■ **AIM OF THE EXERCISE**:
Copy every line from the material below that holds "rewrite".

■ **INPUT**:
Lemma equilibrium_equal_edges sigma n P kappa :
  sigma = 1 \/ sigma = -1 -> closed_curve n P -> kappa <> 0 ->
  (forall k, (k < n)%nat ->
     padd (grad_at (Length n) P k) (pscale kappa (grad_at (Vol sigma n) P k)) = (0, 0)) ->
  forall j, (j < n)%nat -> edge_len n P j = edge_len n P 0.
Proof.
  intros Hs Hc Hkappa Heq.
  assert (Hn : (0 < n)%nat) by (destruct Hc; lia).
  assert (Hprev : forall k, (k < n)%nat -> edge_len n P (prev n k) = edge_len n P k).
  { intros k Hk. pose proof (prev_lt n k Hn).
    apply (balance_equal_edges sigma (kappa / 2) _ _
             (tangent n P (prev n k)) (tangent n P k) Hs);
      auto using tangent_unit, edge_len_pos; [lra|].
    rewrite <- gradient_balance by assumption. exact (Heq k Hk). }
  induction j as [|j IH]; intros Hj; [reflexivity|].
  rewrite <- (Hprev (S j) Hj), prev_S by exact Hj. apply IH. lia.
Qed.

Lemma vertex_equilibrium_iff sigma n P k kappa l theta :
  sigma = 1 \/ sigma = -1 -> closed_curve n P -> (k < n)%nat ->
  edge_len n P (prev n k) = l -> edge_len n P k = l ->
  - PI < theta < PI -> tan (theta / 2) = kappa * l / 2 ->
  padd (grad_at (Length n) P k) (pscale kappa (grad_at (Vol sigma n) P k)) = (0, 0)
  <-> tangent n P k = rot (sigma * theta) (tangent n P (prev n k)).
Proof.
  intros Hs Hc Hk Hlp Hlk Htheta Htan.
  rewrite gradient_balance, Hlp, Hlk, balance_same_length by assumption.
  replace (kappa / 2 * l) with (tan (theta / 2)) by lra.
  apply balance_cayley; assumption.
Qed.

Theorem mainTheorem4 (sigma : R) (n : nat) (P : nat -> pt) (kappa : R) :
  (sigma = 1 \/ sigma = -1) ->
  closed_curve n P ->
  kappa <> 0 ->
  ((forall k, (k < n)%nat ->
      padd (grad_at (Length n) P k) (pscale kappa (grad_at (Vol sigma n) P k))
      = (0, 0))
   <->
   (exists l0 theta0,
      0 < l0 /\ - PI < theta0 < PI /\
      (forall k, (k < n)%nat ->
         edge_len n P k = l0 /\ is_signed_angle sigma n P k theta0) /\
      kappa * l0 = 2 * tan (theta0 / 2))).
Proof.
  intros Hs Hc Hkappa. assert (Hn : (0 < n)%nat) by (destruct Hc; lia).
  split.
  - intros Heq. pose proof (equilibrium_equal_edges sigma n P kappa Hs Hc Hkappa Heq) as Hl.
    set (l0 := edge_len n P 0) in *.
    set (theta := 2 * atan (kappa * l0 / 2)).
    assert (Htheta : - PI < theta < PI)
      by (pose proof (atan_bound (kappa * l0 / 2)); unfold theta; lra).
    assert (Htan : tan (theta / 2) = kappa * l0 / 2)
      by (unfold theta; replace (2 * atan _ / 2) with (atan (kappa * l0 / 2)) by field;
          apply tan_atan).
    exists l0, theta. split; [exact (edge_len_pos n P 0 Hc Hn)|].
    split; [exact Htheta|]. split; [|lra].
    intros k Hk. split; [exact (Hl k Hk)|].
    apply signed_angle_tangent; [exact Hk | split; [lra|]].
    apply (vertex_equilibrium_iff sigma n P k kappa l0 theta); auto using prev_lt.
  - intros (l0 & theta & _ & Htheta & Hall & Htan) k Hk.
    destruct (Hall k Hk) as [Hlk Hangle].
    apply signed_angle_tangent in Hangle as [_ Hturn]; [|exact Hk].
    apply (vertex_equilibrium_iff sigma n P k kappa l0 theta); auto; [|lra].
    apply Hall, prev_lt, Hn.
Qed.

■ **RESPONSE TO THE TASK**:
    rewrite <- gradient_balance by assumption. exact (Heq k Hk). }
  rewrite <- (Hprev (S j) Hj), prev_S by exact Hj. apply IH. lia.
  rewrite gradient_balance, Hlp, Hlk, balance_same_length by assumption.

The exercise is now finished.